— YOUR OBJECTIVE —
Up to and including the line that contains "rewrite (P_X_pred_esum _", reproduce every line exactly, beginning with the first line below.

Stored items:
Lemma fine_P_Xjk k i v j y : (0 < i)%N -> isUH v ->
  fine (P [set w | nth 0%N (X k i v w) j.-1 == y]) = muLaw P X j k y.
Proof.
case: HM => _ _ _ lawX _ i0 UHv.
have ok_kiv : X_index_ok (k, i, v) by apply/andP.
rewrite (P_X_pred_esum _ (fun s => nth 0%N s j.-1 == y) ok_kiv).
rewrite (@eq_esum _ _ _ _ (fun s => P [set w | X k 1 [::] w = s])); last first.
  by move=> s _; exact: lawX.
rewrite -(P_X_pred_esum (k, 1%N, [::])) //.
by congr (fine (P _)); apply/seteqP; split => w /= /eqP.
Qed.

Definition traj_weight (t : traj) : R :=
  \prod_(x <- t) (pk P N x.1.2 * \prod_(y <- x.2) muLaw P X x.1.1 x.1.2 y).

Lemma traj_weight_ge0 t : (0 <= traj_weight t)%R.
Proof.
apply: prodr_ge0 => x _; apply: mulr_ge0; first exact: fine_P_ge0.
by apply: prodr_ge0 => y _; exact: fine_P_ge0.
Qed.

Lemma prod_events_weight pre t : isUH pre -> traj_env_ok t ->
  (prod_N (cell_events pre t) * prod_X_pred (vector_events pre t))%R = traj_weight t.
Proof.
elim: t pre => [|[[j k] ys] t IH] pre UHpre.
  by rewrite /prod_N /prod_X_pred /traj_weight !big_nil mulr1.
move=> /= /andP[/andP[j0 _] okt].
have UHpre' : isUH (rcons pre j) by rewrite /isUH all_rcons j0.
rewrite /prod_N /prod_X_pred /traj_weight !big_cons big_cat /= big_map mulrACA.
rewrite -/(traj_weight t) -(IH (rcons pre j)) //; congr (_ * _)%R.
rewrite fine_P_N //; congr (_ * _)%R.
rewrite -[in RHS](map_nth_iota1 ys) big_map; apply: eq_big_seq => i.
by rewrite mem_iota => /andP[i0 _]; rewrite fine_P_Xjk.
Qed.

Lemma line_traj_set pre c t : traj_fits c t ->
  [set w | line_traj N X pre c (traj_word t) w = t] =
  [set w | N_holds N (cell_events pre t) w &&
           (X_eq_holds X [::] w && X_pred_holds X (vector_events pre t) w)].
Proof.
move=> fits_t; apply/seteqP; split => w /=.
  by move/eqP; rewrite line_traj_eq // => /andP[-> ->].
by move=> /andP[NA XC]; apply/eqP; rewrite line_traj_eq // NA XC.
Qed.

Lemma measurable_line_traj pre c t : isUH pre -> traj_fits c t -> traj_env_ok t ->
  measurable [set w | line_traj N X pre c (traj_word t) w = t].
Proof.
move=> UHpre fits_t okt; rewrite line_traj_set //.
by apply: measurable_events => //; [exact: UH_cell_events|exact: vector_events_index_ok].
Qed.

Lemma P_line_traj pre c t : isUH pre -> traj_fits c t -> traj_env_ok t ->
  P [set w | line_traj N X pre c (traj_word t) w = t] = (traj_weight t)%:E.
Proof.
move=> UHpre fits_t okt; rewrite line_traj_set // bwbp_indep_pred //=.
- by rewrite big_nil mulr1 prod_events_weight.
- exact: uniq_cell_events.
- exact: uniq_vector_events.
- exact: UH_cell_events.
- exact: vector_events_index_ok.
Qed.

(* Reading a cell of generation [n] along its ancestral line is a bijection
   onto the well-formed trajectories that the outcome [w] realizes. *)
Lemma count_cells_esum (Q : pred nat) z n w :
  ((count (fun v => Q (Zpar N X z v w)) (gen N n w))%:R)%:E =
  \esum_(t in env_ok_trajs Q z n)
     (\1_([set w | line_traj N X [::] z (traj_word t) w = t]) w : R)%:E.
Proof.
set realized := [set t | line_traj N X [::] z (traj_word t) w = t].
rewrite (esumID realized); last by move=> t _; rewrite lee_fin indicE.
rewrite [X in _ + X]esum1 ?adde0; last by move=> t [_ /= nt]; rewrite indicE memNset.
rewrite (@eq_esum _ _ _ _ (fun _ => 1)); last by move=> t [_ /= et]; rewrite indicE mem_set.
set s := [seq v <- gen N n w | Q (Zpar N X z v w)].
have -> : env_ok_trajs Q z n `&` realized = (fun v => line_traj N X [::] z v w) @` [set` s].
  apply/seteqP; split => t /=.
    move=> [[/and3P[/eqP nt fits_t Qt] okt] et]; exists (traj_word t) => //.
    rewrite /s mem_filter mem_gen /Zpar Zaux_line_traj et Qt size_map nt eqxx /=.
    by rewrite -(env_ok_line_traj N X [::] z) et.
  move=> [v]; rewrite /s mem_filter mem_gen => /and3P[Qv /eqP nv inv] <-.
  split; [split|by rewrite /realized /= traj_word_line_traj].
  - by rewrite /trajs /= size_line_traj nv eqxx line_traj_fits -Zaux_line_traj.
  - by rewrite /= env_ok_line_traj.
rewrite esum_image; last by move=> v1 v2 _ _ /(congr1 traj_word); rewrite !traj_word_line_traj.
rewrite esum_fset; [|exact: finite_seq|by []].
rewrite -fsbig_seq; last by rewrite filter_uniq // uniq_gen.
rewrite big_const_seq iter_addr addr0 -size_filter count_predT.
by elim: (size s) => // m IH; rewrite !mulrS EFinD IH.
Qed.

Lemma expect_count_cells (Q : pred nat) z n :
  \int[P]_w ((count (fun v => Q (Zpar N X z v w)) (gen N n w))%:R)%:E =
  \esum_(t in env_ok_trajs Q z n) (traj_weight t)%:E.
Proof.
under eq_integral do rewrite count_cells_esum.
rewrite integral_esum; first last.
- by move=> t w; rewrite lee_fin indicE.
- move=> t [/and3P[_ fits_t _] okt]; apply/measurable_EFinP/measurable_indic.
  exact: measurable_line_traj.
apply: eq_esum => t [/and3P[_ fits_t _] okt].
rewrite integral_indic ?setIT //; first exact: P_line_traj.
exact: measurable_line_traj.
Qed.

End bwbp_laws.

Section abpre_paths.
Context {T : Type} (E : nat -> T -> nat * nat) (Y : nat -> nat -> T -> nat).

Fixpoint env_traj (c l m : nat) (w : T) : traj :=
  if m is m'.+1 then
    let ys := [seq Y l i w | i <- iota 1 c] in (E l w, ys) :: env_traj (sumn ys) l.+1 m' w
  else [::].

Lemma traj_last_env_traj_S c l m w :
  traj_last c (env_traj c l m.+1 w) =
  sumn [seq Y (l + m) i w | i <- iota 1 (traj_last c (env_traj c l m w))].
Proof.
elim: m c l => [|m IH] c l; first by rewrite /= addn0.
transitivity (traj_last (sumn [seq Y l i w | i <- iota 1 c])
   (env_traj (sumn [seq Y l i w | i <- iota 1 c]) l.+1 m.+1 w)); first by [].
by rewrite IH addSnnS.
Qed.

Lemma Zprime_env_traj z n w : Zprime Y z n w = traj_last z (env_traj z 0 n w).
Proof. by elim: n => [|n IH] //; rewrite traj_last_env_traj_S -IH add0n -sum_index_iota1. Qed.

Lemma size_env_traj c l m w : size (env_traj c l m w) = m.
Proof. by elim: m c l => [|m IH] c l //=; rewrite IH. Qed.

Lemma env_traj_fits c l m w : traj_fits c (env_traj c l m w).
Proof. by elim: m c l => [|m IH] c l //=; rewrite size_map size_iota eqxx IH. Qed.

Definition E_holds l (t : traj) w :=
  all (fun n => E (l + n) w == nth (0, 0)%N (map fst t) n) (iota 0 (size t)).

Fixpoint offspring_events (l : nat) (t : traj) : seq ((nat * nat) * nat) :=
  if t is x :: t' then
    [seq ((l, i), nth 0%N x.2 i.-1) | i <- iota 1 (size x.2)] ++ offspring_events l.+1 t'
  else [::].

Definition Y_holds l t w := all (fun s => Y s.1.1 s.1.2 w == s.2) (offspring_events l t).

Lemma E_holds_cons l x t w : E_holds l (x :: t) w = (E l w == x.1) && E_holds l.+1 t w.
Proof.
rewrite /E_holds /= addn0; congr (_ && _).
rewrite -[1%N]/(1 + 0)%N iotaDl all_map; apply: eq_all => n /=.
by rewrite add1n addnS addSn.
Qed.

Lemma env_traj_eq c l t w : traj_fits c t ->
  (env_traj c l (size t) w == t) = E_holds l t w && Y_holds l t w.
Proof.
elim: t c l => [|[e ys] t IH] c l //= /andP[/eqP <- fits_t].
rewrite E_holds_cons /Y_holds /= all_cat all_map eqseq_cons xpair_eqE /=.
have -> : all (fun i => Y l i w == nth 0%N ys i.-1) (iota 1 (size ys))
   = ([seq Y l i w | i <- iota 1 (size ys)] == ys).
  by rewrite eq_map_iota; apply: eq_all => i; rewrite subn1.
case: (E l w == e) => //=.
by case: eqP => [->|_] /=; [rewrite IH|rewrite andbF].
Qed.

Lemma offspring_events_ge l t : all (fun s => l <= s.1.1)%N (offspring_events l t).
Proof.
elim: t l => [|x t IH] l //=; rewrite all_cat all_map.
apply/andP; split; first by apply/allP => i _ /=.
by apply: sub_all (IH l.+1) => s /= /ltnW.
Qed.

Lemma offspring_events_index l t :
  all (fun s => (s.1.1 < l + size t)%N && (0 < s.1.2)%N) (offspring_events l t).
Proof.
elim: t l => [|x t IH] l //=; rewrite all_cat all_map.
apply/andP; split.
  by apply/allP => i; rewrite mem_iota /= addnS ltnS leq_addr => /andP[].
by apply: sub_all (IH l.+1) => s /=; rewrite addSnnS.
Qed.

Lemma uniq_offspring_events l t : uniq (map fst (offspring_events l t)).
Proof.
elim: t l => [|x t IH] l //=; rewrite map_cat cat_uniq IH andbT.
rewrite -map_comp map_inj_uniq ?iota_uniq; last by move=> i1 i2 [].
apply/hasPn => b /mapP[s sS ->]; apply/mapP => -[i _ /= es].
by have := allP (offspring_events_ge l.+1 t) s sS; rewrite es ltnn.
Qed.

End abpre_paths.

Section abpre_laws.
Context {R : realType} {d : measure_display} {Omega : measurableType d}.
Context {P : probability Omega R}
  {N : seq nat -> Omega -> nat} {X : nat -> nat -> seq nat -> Omega -> seq nat} {nu : R}.
Context {d' : measure_display} {Omega' : measurableType d'} {P' : probability Omega' R}
  {E : nat -> Omega' -> nat * nat} {Y : nat -> nat -> Omega' -> nat}.
Hypothesis HA : abpre_model P N X nu P' E Y.
Local Open Scope ereal_scope.

Definition env_traj_weight (t : traj) : R :=
  \prod_(x <- t) (envProb P N nu x.1 * \prod_(y <- x.2) muLaw P X x.1.1 x.1.2 y).

Lemma prod_offspring_events l e0 t : size e0 = l ->
  (\prod_(s <- offspring_events l t)
     muLaw P X (nth (0, 0)%N (e0 ++ map fst t) s.1.1).1
               (nth (0, 0)%N (e0 ++ map fst t) s.1.1).2 s.2)%R =
  (\prod_(x <- t) \prod_(y <- x.2) muLaw P X x.1.1 x.1.2 y)%R.
Proof.
elim: t l e0 => [|[e ys] t IH] l e0 e0l; first by rewrite !big_nil.
rewrite /= big_cat big_map big_cons /= -cat_rcons (IH l.+1); last by rewrite size_rcons e0l.
congr (_ * _)%R; rewrite -[in RHS](map_nth_iota1 ys) big_map; apply: eq_bigr => i _ /=.
by rewrite cat_rcons nth_cat e0l ltnn subnn.
Qed.

Lemma env_traj_set z t : traj_fits z t ->
  [set w | env_traj E Y z 0 (size t) w = t] = [set w | E_holds E 0 t w && Y_holds Y 0 t w].
Proof.
move=> fits_t; apply/seteqP; split => w /=; first by move/eqP; rewrite env_traj_eq.
by move=> Ht; apply/eqP; rewrite env_traj_eq.
Qed.

Lemma measurable_env_traj z t : traj_fits z t ->
  measurable [set w | env_traj E Y z 0 (size t) w = t].
Proof.
case: HA => mE mY _ fits_t; rewrite env_traj_set //; apply: measurable_andb.
  apply: (@measurable_all _ _ _ xpredT) (all_predT _) => n _.
  by rewrite (_ : [set w | _] = [set w | E (0 + n)%N w = nth (0, 0)%N (map fst t) n]);
    [exact: mE|apply/seteqP; split => w /= /eqP].
apply: (@measurable_all _ _ _ (fun s => (0 < s.1.2)%N)).
  move=> s s0; rewrite (_ : [set w | _] = [set w | Y s.1.1 s.1.2 w = s.2]).
    exact: mY.
  by apply/seteqP; split => w /= /eqP.
by apply: sub_all (offspring_events_index 0 t) => s /andP[].
Qed.

Lemma P'_env_traj z t : traj_fits z t ->
  P' [set w | env_traj E Y z 0 (size t) w = t] = (env_traj_weight t)%:E.
Proof.
case: HA => _ _ law fits_t; rewrite env_traj_set //.
have := law (map fst t) (offspring_events 0 t) (uniq_offspring_events 0 t).
rewrite size_map => ->; last by apply: sub_all (offspring_events_index 0 t) => s /andP[-> ->].
by rewrite (prod_offspring_events 0 [::]) // big_map -big_split.
Qed.

Lemma P'_Zprime_esum (Q : pred nat) z n :
  P' [set w | Q (Zprime Y z n w)] = \esum_(t in trajs Q z n) (env_traj_weight t)%:E.
Proof.
have -> : [set w | Q (Zprime Y z n w)] =
    \bigcup_(t in trajs Q z n) [set w | env_traj E Y z 0 (size t) w = t].
  apply/seteqP; split => w /=.
    move=> Qw; exists (env_traj E Y z 0 n w); last by rewrite size_env_traj.
    by rewrite /trajs /= size_env_traj eqxx env_traj_fits -(Zprime_env_traj E).
  by move=> [t /and3P[/eqP nt _ Qt] et]; rewrite (Zprime_env_traj E) -nt et.
rewrite countable_measure_bigcup; first last.
- move=> t t' w /and3P[/eqP nt _ _] /and3P[/eqP nt' _ _] /=.
  by rewrite nt nt' => <- <-.
- by move=> t /and3P[_ fits_t _]; exact: measurable_env_traj.
by apply: eq_esum => t /and3P[_ fits_t _]; exact: P'_env_traj.
Qed.

Lemma env_traj_weightE t :
  env_traj_weight t = if traj_env_ok t then (nu ^- size t * traj_weight P N X t)%R else 0%R.
Proof.
elim: t => [|[[j k] ys] t IH].
  by rewrite /env_traj_weight /traj_weight !big_nil /= expr0 invr1 mulr1.
rewrite /env_traj_weight big_cons -/(env_traj_weight t) IH /envProb /traj_env_ok /=.
case: (0 < j <= k)%N => /=; last by rewrite !mul0r.
case: (all _ t); last by rewrite mulr0.
by rewrite /traj_weight big_cons /= -/(traj_weight P N X t) exprS invfM; ring.
Qed.

Lemma P'_Zprime_expect_count (HM : bwbp_model P N X) (nu_ge0 : (0 <= nu)%R) (Q : pred nat) z n :
  P' [set w | Q (Zprime Y z n w)] =
  (nu ^- n)%:E * \int[P]_w ((count (fun v => Q (Zpar N X z v w)) (gen N n w))%:R)%:E.
Proof.
have weight_ge0 t : (0 <= traj_weight P N X t)%R by exact: traj_weight_ge0.
rewrite P'_Zprime_esum expect_count_cells // (esumID [set t | traj_env_ok t]); last first.
  move=> t _; rewrite lee_fin env_traj_weightE; case: ifP => // _.
  by rewrite mulr_ge0 // invr_ge0 exprn_ge0.
rewrite [X in _ + X]esum1 ?adde0; last first.
  by move=> t [_ /= /negP/negbTE okt]; rewrite env_traj_weightE okt.
rewrite -esumZl; [|by rewrite invr_ge0 exprn_ge0|by move=> t _; rewrite lee_fin].
by apply: eq_esum => t [/and3P[/eqP <- _ _] /= okt]; rewrite env_traj_weightE okt EFinM.
Qed.

End abpre_laws.

Local Open Scope ereal_scope.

— RESULT —
Lemma fine_P_Xjk k i v j y : (0 < i)%N -> isUH v ->
  fine (P [set w | nth 0%N (X k i v w) j.-1 == y]) = muLaw P X j k y.
Proof.
case: HM => _ _ _ lawX _ i0 UHv.
have ok_kiv : X_index_ok (k, i, v) by apply/andP.
rewrite (P_X_pred_esum _ (fun s => nth 0%N s j.-1 == y) ok_kiv).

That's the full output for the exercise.